Scott T. Hutchison’s poem, “Snuffing the Night Candles,” has a clear thematic relation to Poyner’s poem through its focus on the night sky, but is wrapped further, deeper, in layers of an alienated, despairing self. I wonder, personally, if there’s a reference to Milton’s Paradise Lost in the lines “I’m anchor-chained on this stark lake/of arrogance and folly.” It could be just a really sad angry way of talking about taking a little boat out on a lake at night, when there’s heavy cloud-cover and the stars and moon can’t be seen: and casting your anchor and drifting for a while—unable to break out of your own heavy thoughts about the future. But poets are tricky, and like allusion, so this recalls, for me, Satan in book One of Paradise Lost, “chained on the burning lake,” a victim of his own overreach. The allusion is strengthened but also complicated and expanded by these lines in the last stanza of Hutchison’s poem:
…Something cheerlessly cast out
has happened here. What America
coughs up to heaven
might be what happened.
There’s been a Fall, like Satan’s—a casting out from a state where joy, cheer, health of many different kinds, can be accessed. And in a fascinating inversion of the Miltonic original (I’m just going to say I’m strongly attached to the idea that there’s a Miltonic original), evil has actually sort of ascended into the sky from the world instead of plummeting from heaven to hell—what is “cast out” and changes all cheer, or joy, is what “America/coughs up”. Anyone working on, or even aware of, global greenhouse gas emission-levels doesn’t have to work too hard to translate that content.

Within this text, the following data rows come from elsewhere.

(* Let $\eta>0$, $\omega\in(0,1)$, $S\ge2$ an integer, and $x\in\mathbb R^d$. Let $C(x)$ denote the number of bits used by the ANQ (with bias $\eta$, compression rate $\omega$, and constellation of $S+1$ symbols) to quantize $x$ componentwise and encode the $d$ resulting indices. Then: (i) for the deterministic ANQ, $$C(x)\le3d\log_2(S+1)+d\log_2(S+1)\log_S\Big(2+\frac{\ln(1-\omega)+\ln\big(1+\frac{\omega\|x\|_2}{\sqrt d\,\eta}\big)}{\ln(1+\omega)-\ln(1-\omega)}\Big);$$ (ii) for the probabilistic ANQ, almost surely, $$C(x)\le3d\log_2(S+1)+d\log_2(S+1)\log_S\Big(2+\frac{\ln\big(1+\frac{\omega\|x\|_2}{\sqrt d\,\eta}\big)}{2\ln\big(\sqrt{1+\omega^2}+\omega\big)}\Big).$$
   Context: ANQ (Adaptive encoding Non-uniform Quantizer) with parameters $\eta>0$, $\omega\in(0,1)$, applied componentwise to vectors in $\mathbb R^d$. Deterministic ANQ: scalar points $q_\ell=-q_{-\ell}=\frac{\eta}{\omega}[(\frac{1+\omega}{1-\omega})^\ell-1]$ ($\ell\ge0$); a scalar $x$ is mapped to index $\ell(x)=\mathrm{sign}(x)\lceil\frac{\ln(1-\omega)+\ln(1+\omega|x|/\eta)}{\ln(1+\omega)-\ln(1-\omega)}\rceil$ and value $q_{\ell(x)}$. Probabilistic ANQ: scalar points $q_\ell=-q_{-\ell}=\frac{\eta}{\omega}[(\sqrt{1+\omega^2}+\omega)^{2\ell}-1]$ ($\ell\ge0$); for $x\ge0$ let $\ell=\lceil\frac{\ln(1+\omega x/\eta)}{2\ln(\sqrt{1+\omega^2}+\omega)}\rceil$ and output index $\ell-1$ with probability $\frac{q_\ell-x}{q_\ell-q_{\ell-1}}$, index $\ell$ with probability $\frac{x-q_{\ell-1}}{q_\ell-q_{\ell-1}}$ (index $0$ for $x=0$); for $x<0$ use the negated index of $-x$. Encoding: symbols from $\{0,1,\dots,S\}$, each costing $\log_2(S+1)$ bits. Let $\tilde{\mathcal L}_{-1}=\emptyset$ and for $b\ge0$, $\tilde{\mathcal L}_b=\{-\lceil\frac{S^{b+1}-1}{2(S-1)}\rceil+1,\dots,\lfloor\frac{S^{b+1}-1}{2(S-1)}\rfloor\}$, $\mathcal L_b=\tilde{\mathcal L}_b\setminus\tilde{\mathcal L}_{b-1}$ (these partition $\mathbb Z$ and $|\mathcal L_b|=S^b$). An index $\ell\in\mathcal L_b$ is encoded by a unique string of $b$ symbols from $\{1,\dots,S\}$ followed by the symbol $0$, i.e., with $(b+1)\log_2(S+1)$ bits. The cost $C(x)$ of a vector is the sum of the costs of its $d$ component indices. *)

From Stdlib Require Import Reals ZArith List.
Open Scope R_scope.

Definition Rfloor (y : R) : Z := (up y - 1)%Z.        (* largest integer <= y *)
Definition Rceil (y : R) : Z := (- Rfloor (- y))%Z.

Definition log2 (y : R) : R := ln y / ln 2.
Definition logb (b y : R) : R := ln y / ln b.

Definition sumd (d : nat) (f : nat -> R) : R :=
  fold_right Rplus 0 (map f (seq 0 d)).

Definition norm2 (d : nat) (x : nat -> R) : R := sqrt (sumd d (fun i => x i ^ 2)).

Definition sgnZ (x : R) : Z :=
  match Rlt_dec 0 x with
  | left _ => 1%Z
  | right _ => match Rlt_dec x 0 with left _ => (-1)%Z | right _ => 0%Z end
  end.

Definition det_index (eta w x : R) : Z :=
  (sgnZ x * Rceil ((ln (1 - w) + ln (1 + w * Rabs x / eta)) /
                   (ln (1 + w) - ln (1 - w))))%Z.

Definition pq (eta w : R) (l : nat) : R :=
  eta / w * ((sqrt (1 + w ^ 2) + w) ^ (2 * l) - 1).

Definition prob_level (eta w a : R) : Z :=
  Rceil (ln (1 + w * a / eta) / (2 * ln (sqrt (1 + w ^ 2) + w))).

Definition prob_pos (eta w a : R) (k : Z) : R :=
  if Req_EM_T a 0 then (if Z.eq_dec k 0 then 1 else 0)
  else
    let l := prob_level eta w a in
    let ql := pq eta w (Z.to_nat l) in
    let ql1 := pq eta w (Z.to_nat (l - 1)) in
    if Z.eq_dec k (l - 1) then (ql - a) / (ql - ql1)
    else if Z.eq_dec k l then (a - ql1) / (ql - ql1)
    else 0.

(* probability that the probabilistic ANQ maps the scalar x to index k *)
Definition prob_index (eta w x : R) (k : Z) : R :=
  if Rlt_dec x 0 then prob_pos eta w (- x) (- k) else prob_pos eta w x k.

Definition in_Ltilde (S : Z) (b : nat) (l : Z) : bool :=
  let N := (S ^ (Z.of_nat b + 1) - 1)%Z in
  let D := (2 * (S - 1))%Z in
  let fl := (N / D)%Z in
  let cl := (- ((- N) / D))%Z in
  Z.leb (- cl + 1) l && Z.leb l fl.

Fixpoint level_aux (S : Z) (fuel b : nat) (l : Z) : nat :=
  match fuel with
  | O => b
  | Datatypes.S f => if in_Ltilde S b l then b else level_aux S f (Datatypes.S b) l
  end.

(* the unique b with l \in L_b, i.e. the least b with l \in tilde L_b
   (the search bound 2|l|+1 suffices for S >= 2) *)
Definition level (S : Z) (l : Z) : nat :=
  level_aux S (Datatypes.S (Z.to_nat (2 * Z.abs l))) 0 l.

Definition index_cost (S : Z) (l : Z) : R :=
  INR (Datatypes.S (level S l)) * log2 (IZR S + 1).

Definition vec_cost (S : Z) (d : nat) (ks : nat -> Z) : R :=
  sumd d (fun i => index_cost S (ks i)).

Definition det_cost (eta w : R) (S : Z) (d : nat) (x : nat -> R) : R :=
  vec_cost S d (fun i => det_index eta w (x i)).

(* Index l of the encoding belongs to the class L_b with b <= 1 + log_S(|l| + 1), so it
   costs at most (3 + log_S(|l| + 1)) log2(S+1) bits (index_cost_le).  For both ANQ
   variants a quantized index satisfies |l| + 1 <= c + a ln(1 + b |x_i|) for explicit
   constants c > 0, a, b >= 0 (det_index_envelope, prob_index_envelope); we call the
   right-hand side the envelope of x_i.  Summing over the d components, the only
   non-trivial step is bounding sum_i ln(envelope(|x_i|)) by d ln(envelope(m)) with
   m = ||x||_2 / sqrt d.  This follows from concavity of ln (tangent line bound, used in
   the form of a finite Jensen inequality twice) together with the Cauchy-Schwarz bound
   sum_i |x_i| <= sqrt d ||x||_2 (sumd_ln_envelope_le). *)
From Stdlib Require Import Reals ZArith List Lia Lra.
Open Scope R_scope.

Lemma Rdiv_le_0_compat (a b : R) : 0 <= a -> 0 < b -> 0 <= a / b.
Proof. intros Ha Hb. apply Rmult_le_pos; [exact Ha | left; now apply Rinv_0_lt_compat]. Qed.

Lemma fold_right_Rplus_init (l : list R) (a : R) :
  fold_right Rplus a l = fold_right Rplus 0 l + a.
Proof. induction l as [|y l IH]; simpl; [lra | rewrite IH; lra]. Qed.

Lemma sumd_S (d : nat) (f : nat -> R) : sumd (S d) f = sumd d f + f d.
Proof.
  unfold sumd. rewrite seq_S, map_app, fold_right_app. simpl.
  rewrite fold_right_Rplus_init. lra.
Qed.

Lemma sumd_ext (d : nat) (f g : nat -> R) :
  (forall i, f i = g i) -> sumd d f = sumd d g.
Proof.
  intros Hfg. induction d as [|d IH]; [reflexivity | now rewrite !sumd_S, IH, Hfg].
Qed.

Lemma sumd_le (d : nat) (f g : nat -> R) :
  (forall i, (i < d)%nat -> f i <= g i) -> sumd d f <= sumd d g.
Proof.
  induction d as [|d IH]; intros Hfg; [unfold sumd; simpl; lra|].
  rewrite !sumd_S.
  assert (sumd d f <= sumd d g) by (apply IH; intros; apply Hfg; lia).
  assert (f d <= g d) by (apply Hfg; lia). lra.
Qed.

Lemma sumd_nonneg (d : nat) (f : nat -> R) :
  (forall i, (i < d)%nat -> 0 <= f i) -> 0 <= sumd d f.
Proof.
  intros Hf. apply Rle_trans with (sumd d (fun _ => 0)); [|now apply sumd_le].
  clear Hf. induction d as [|d IH]; [unfold sumd; simpl; lra | rewrite sumd_S; lra].
Qed.

Lemma sumd_affine (d : nat) (f : nat -> R) (a b : R) :
  sumd d (fun i => a + b * f i) = INR d * a + b * sumd d f.
Proof.
  induction d as [|d IH]; [unfold sumd; simpl; lra|].
  rewrite !sumd_S, IH, S_INR. ring.
Qed.

Lemma sumd_square_dev (d : nat) (f : nat -> R) (m : R) :
  sumd d (fun i => (f i - m) ^ 2) = sumd d (fun i => f i ^ 2) - 2 * m * sumd d f + INR d * m ^ 2.
Proof.
  induction d as [|d IH]; [unfold sumd; simpl; lra|].
  rewrite !sumd_S, IH, S_INR. ring.
Qed.

Lemma sumd_abs_le_norm2 (d : nat) (x : nat -> R) :
  (0 < d)%nat -> sumd d (fun i => Rabs (x i)) <= sqrt (INR d) * norm2 d x.
Proof.
  intros Hd. unfold norm2.
  set (s := sumd d (fun i => Rabs (x i))).
  set (Q := sumd d (fun i => x i ^ 2)).
  assert (HdR : 0 < INR d) by (apply lt_0_INR; lia).
  assert (Hs : 0 <= s) by (apply sumd_nonneg; intros; apply Rabs_pos).
  assert (HQ : 0 <= Q) by (apply sumd_nonneg; intros; apply pow2_ge_0).
  assert (Hsq : sumd d (fun i => Rabs (x i) ^ 2) = Q)
    by (apply sumd_ext; intros i; apply pow2_abs).
  assert (Hvar : 0 <= Q - s * s / INR d).
  { pose proof (sumd_nonneg d (fun i => (Rabs (x i) - s / INR d) ^ 2)
                  (fun i _ => pow2_ge_0 _)) as H.
    rewrite sumd_square_dev, Hsq in H. fold s in H.
    replace (Q - s * s / INR d) with (Q - 2 * (s / INR d) * s + INR d * (s / INR d) ^ 2)
      by (field; lra). exact H. }
  assert (Hss : s * s <= INR d * Q).
  { apply Rmult_le_reg_r with (/ INR d); [now apply Rinv_0_lt_compat|].
    replace (INR d * Q * / INR d) with Q by (field; lra). unfold Rdiv in Hvar. lra. }
  rewrite <- sqrt_mult by lra.
  rewrite <- (sqrt_square s) by lra. apply sqrt_le_1; nra.
Qed.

I wouldn’t say Hutchison’s poem leaves us in particularly awesome fettle, as readers. But one of the many things that makes “Snuffing the Night Candles” a poem we were moved to read, and wanted to include in the magazine, is its concluding gesture toward a community that may intercede for the poet in his “perfect night” and “wish for the future,/for [him.]” I think we can. We must wish, and work, for it.